For the first century of the Court’s existence, most of its cases were direct appeals. Early decisions of the Supreme Court emphasized the mandatory nature of appellate review. Chief Justice John Marshall first implied that the Court is obligated to take and decide cases meeting jurisdictional standards in Marbury v. Madison.4 The Chief Justice explained in greater detail in Cohens v. Virginia:
The Judiciary cannot, as the legislature may, avoid a measure because it approaches the confines of the constitution. We cannot pass it by because it is doubtful. With whatever doubts, with whatever difficulties, a case may be attended, we must decide it, if it be brought before us. We have no more right to decline the exercise of jurisdiction which is given, than to usurp that which is not given. The one or the other would be treason to the constitution.5
The Supreme Court has repeatedly stated that courts only declare what the law is in specific cases6 and are without will or discretion to make or change the law.7 The early Court’s statements that it could not decline to hear cases that fell within its jurisdiction rest on similar grounds as other Court holdings that embraced mandatory limitations of the judicial process, such as justiciability requirements that limit the federal courts’ jurisdiction to certain cases and controversies.8
The broad grant of appellate jurisdiction in the 1789 Act and the Supreme Court’s determination that the exercise of such jurisdiction was mandatory eventually caused overcrowding on the Supreme Court’s docket. In 1891, among other reforms, Congress enacted legislation replacing mandatory Supreme Court direct review with the option to petition for a writ of certiorari in many types of cases.9 In addition, while some modern cases echo Chief Justice Marshall’s earlier rulings discussed above,10 the Court has also adopted several discretionary rules that limit its exercise of judicial review.11 The Court has applied prudential theorems limiting the scope of its review more or less strictly on a case-by-case basis.12
- For discussion of the Court’s original jurisdiction, see ArtIII.S2.C2.2 Supreme Court Original Jurisdiction; ArtIII.S2.C2.3 Original Cases Affecting Ambassadors, Public Ministers, and Consuls.
- 28 U.S.C. §§ 1253–1257.
- See, e.g., Act of June 27, 1988, Pub. L. No. 100-352, § 3, 102 Stat. 662.
- 5 U.S. (1 Cr.) 137 (1803).
- 19 U.S. (6 Wheat.) 264, 404, (1821).
- See, e.g., Justice George Sutherland in Adkins v. Children’s Hospital, 261 U.S. 525, 544 (1923), and Justice Owen Roberts in United States v. Butler, 297 U.S. 1, 62 (1936).
- “Judicial power, as contradistinguished from the powers of the law, has no existence. Courts are the mere instruments of the law, and can will nothing.” Osborn v. Bank of the United States, 22 U.S. (9 Wheat.) 738, 866 (1824) (Marshall, C.J.). See also Justice Roberts in United States v. Butler, 297 U.S. 1, 62–63 (1936).

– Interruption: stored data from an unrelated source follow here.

(* For all complex $x,y$, $$\sum_{n=0}^{\infty}R_n(y)\frac{x^n}{n!}=e^{y}\int_0^{y}e^{-t}I_0(2\sqrt{xt})\,dt=e^{y}\sum_{n=0}^{\infty}(-1)^nL_n(x)\frac{y^{n+1}}{(n+1)!}.$$
   Context: For an integer $n\ge 0$ and complex $y$, $R_n(y)=e^y-1-\frac{y}{1!}-\frac{y^2}{2!}-\dots-\frac{y^n}{n!}=e^y-\sum_{k=0}^n\frac{y^k}{k!}$. $I_0(2\sqrt{z})=\sum_{n\ge0}\frac{z^n}{(n!)^2}$ (an entire function of $z$). $L_n(x)=\sum_{k=0}^{n}\binom{n}{k}\frac{(-1)^kx^k}{k!}$ are the Laguerre polynomials. The integral is along the segment from $0$ to $y$. *)

From Stdlib Require Import Reals.
From Coquelicot Require Import Coquelicot.
Open Scope C_scope.

Definition cexp (z : C) : C :=
  (exp (Re z) * cos (Im z), exp (Re z) * sin (Im z))%R.

Definition cfact (n : nat) : C := RtoC (INR (Factorial.fact n)).

Definition Rrem (n : nat) (y : C) : C :=
  cexp y - sum_n (fun k => y ^ k / cfact k) n.

Definition CSeries (a : nat -> C) : C :=
  (Series (fun n => Re (a n)), Series (fun n => Im (a n))).

(* The entire function z |-> I_0(2 sqrt z) = sum_{n>=0} z^n / (n!)^2. *)
Definition I0sqrt (z : C) : C :=
  CSeries (fun n => z ^ n / (cfact n * cfact n)).

Definition Laguerre (n : nat) (x : C) : C :=
  sum_n (fun k => RtoC (Binomial.C n k) * (-1) ^ k * x ^ k / cfact k) n.

(* v is the integral of g along the segment from 0 to y:
   int_0^y g(t) dt = int_0^1 g(s y) y ds  (a real Riemann integral of a
   C-valued function, C viewed as a normed R-module). *)
Definition is_seg_integral (g : C -> C) (y : C) (v : C) : Prop :=
  is_RInt (V := C_R_NormedModule) (fun s : R => y * g (RtoC s * y)) 0%R 1%R v.

(* Parametrizing the segment by t = s y, the Taylor remainder has the integral form
   R_n(y) = y e^y int_0^1 e^(-s y) (s y)^n / n! ds, so integrating the series of
   y e^(-s y) I_0(2 sqrt(x s y)) term by term (its terms are dominated uniformly in s by an
   exponential series) gives sum_n R_n(y) x^n / n! = e^y v.  Expanding e^(-s y) as well
   yields a double series with terms bounded by a product of two exponential series;
   integrating s^(k+m) and summing along the diagonals k + m = N produces the coefficients
   (-1)^N L_N(x) y^(N+1) / (N+1)!. *)

From Stdlib Require Import Reals Lra Lia.
From Coquelicot Require Import Coquelicot.
Open Scope C_scope.

Notation CR := C_R_NormedModule.

(* Coquelicot's generic operations leave equations on [C] typed by structure projections,
   which [ring] and [field] do not recognize. *)
Ltac cring := match goal with |- @eq _ ?a ?b => change (@eq C a b) end; cbv beta; ring.
Ltac cfield := match goal with |- @eq _ ?a ?b => change (@eq C a b) end; cbv beta; field.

- The political question doctrine is another limitation arising in part out of inherent restrictions and in part from prudential considerations. For a discussion of limitations utilizing both stands, see Ashwander v. TVA, 297 U.S. 288, 346–56 (1936) (Brandeis, J., concurring). See generally, ArtIII.S2.C1.2 Historical Background on Cases or Controversies Requirement.

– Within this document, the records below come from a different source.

(* A cut-off P = P_w multiplies a series pointwise by the indicator c of
   {s | s < w}.  Expanding both sides of the Rota-Baxter identity at s over the
   pairs (u, v) with u + v = s turns it into the termwise relation
   c u * c v = c (u + v) * (c u + c v - 1), which is necessary (test it on
   monomials e_u, e_v) and sufficient.  Over {0, 1} this relation fails
   exactly on A_w (where it reads 0 = -1) and on B_w (where it reads 1 = 0).
   Comparing the two sums requires a common finite enumeration of the pairs,
   which exists because supports are artinian and narrow, hence
   well-quasi-ordered, and the order is strictly compatible with addition. *)

From Stdlib Require Import List Permutation Classical ClassicalEpsilon FunctionalExtensionality Lia.
From mathcomp Require Import all_boot all_algebra ring.
Set Implicit Arguments. Unset Strict Implicit. Unset Printing Implicit Defensive.
Import GRing.Theory.

Lemma increasing_chain (Q : nat -> Prop) (Rl : nat -> nat -> Prop) :
  (exists i, Q i) -> (forall i, Q i -> exists j, (i < j)%N /\ Q j /\ Rl i j) ->
  exists phi : nat -> nat, forall n,
    (phi n < phi n.+1)%N /\ Q (phi n) /\ Rl (phi n) (phi n.+1).
Proof.
move=> [i0 Qi0] Hstep.
have Hnext i : exists j, Q i -> (i < j)%N /\ Q j /\ Rl i j.
  by case: (classic (Q i)) => [/Hstep[j Hj]|nQi]; [exists j | exists 0%N].
pose next i := proj1_sig (constructive_indefinite_description _ (Hnext i)).
have nextP i : Q i -> (i < next i)%N /\ Q (next i) /\ Rl i (next i).
  by rewrite /next; case: constructive_indefinite_description.
pose phi n := iter n next i0.
have Qphi n : Q (phi n) by elim: n => [|n IHn] //; case: (nextP _ IHn) => _ [].
exists phi => n; have [lt_next [_ R_next]] := nextP _ (Qphi n).
by rewrite /phi iterS; split; [exact: lt_next | split; [exact: Qphi | exact: R_next]].
Qed.

Lemma chain_or_terminal_subseq (Rl : nat -> nat -> Prop) :
  (exists phi : nat -> nat, forall n,
     (phi n < phi n.+1)%N /\ Rl (phi n) (phi n.+1)) \/
  (exists phi : nat -> nat, forall n,
     (phi n < phi n.+1)%N /\ forall j, (phi n < j)%N -> ~ Rl (phi n) j).
Proof.
case: (classic (exists N, forall i, (N <= i)%N -> exists j, (i < j)%N /\ Rl i j)).
  move=> [N HN]; left.
  have [|i Ni|phi Hphi] := @increasing_chain (fun i => (N <= i)%N) Rl.
  - by exists N.
  - have [j [ij Rij]] := HN i Ni; exists j.
    by split; [|split; [exact: leq_trans Ni (ltnW ij)|]].
  - by exists phi => n; have [? [_ ?]] := Hphi n.
move=> Hno; right.
have Hterm N : exists i, (N <= i)%N /\ forall j, (i < j)%N -> ~ Rl i j.
  apply: NNPP => Hnot; apply: Hno; exists N => i Ni.
  apply: NNPP => Hi; apply: Hnot; exists i; split=> // j ij Rij.
  by apply: Hi; exists j.
have [i0 [_ Hi0]] := Hterm 0%N.
have [|i _|phi Hphi] :=
  @increasing_chain (fun i => forall j, (i < j)%N -> ~ Rl i j) (fun _ _ => True).
- by exists i0.
- by have [j [ij Hj]] := Hterm i.+1; exists j.
- by exists phi => n; have [? [? _]] := Hphi n.
Qed.

Lemma injective_seq_not_finite (T : Type) (y : nat -> T) :
  injective y -> ~ finite_subset (fun t => exists n, t = y n).
Proof.
move=> y_inj [l Hl].
have nd : NoDup (List.map y (List.seq 0 (length l).+1)).
  exact: FinFun.Injective_map_NoDup y_inj (seq_NoDup _ _).
have sub : incl (List.map y (List.seq 0 (length l).+1)) l.
  by move=> t /in_map_iff [n [<- _]]; apply: Hl; exists n.
by have := NoDup_incl_length nd sub; rewrite length_map length_seq; lia.
Qed.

- Act of March 3, 1891, ch. 517, 26 Stat. 826. In 1988, Congress enacted legislation that replaced direct appeals with discretionary certiorari petitions in almost all remaining circumstances. Act of June 27, 1988, Pub. L. No. 100-352, § 3, 102 Stat. 662. But see, e.g., 28 U.S.C. § 1253 (authorizing direct appeal to the Supreme Court of decisions of a three-judge district court).
- Powell v. McCormack, 395 U.S. 486, 548–49 (1969); Baker v. Carr, 369 U.S. 186, 211 (1962); Zwickler v. Koota, 389 U.S. 241, 248 (1967).
- See, e.g., Zucht v. King, 260 U.S. 174 (1922) (holding that the Court may decline to hear an appeal that does not present a substantial federal question).
- See Justice Louis Brandeis’ concurring opinion in Ashwander v. TVA, 297 U.S. 288, 346 (1936). And contrast A. Bickel, supra note 3, at 111–198, with Gunther, The Subtle Vices of the “Passive Virtues” : A Comment on Principle and Expediency in Judicial Review, 64 Colum. L. Rev. 1 (1964).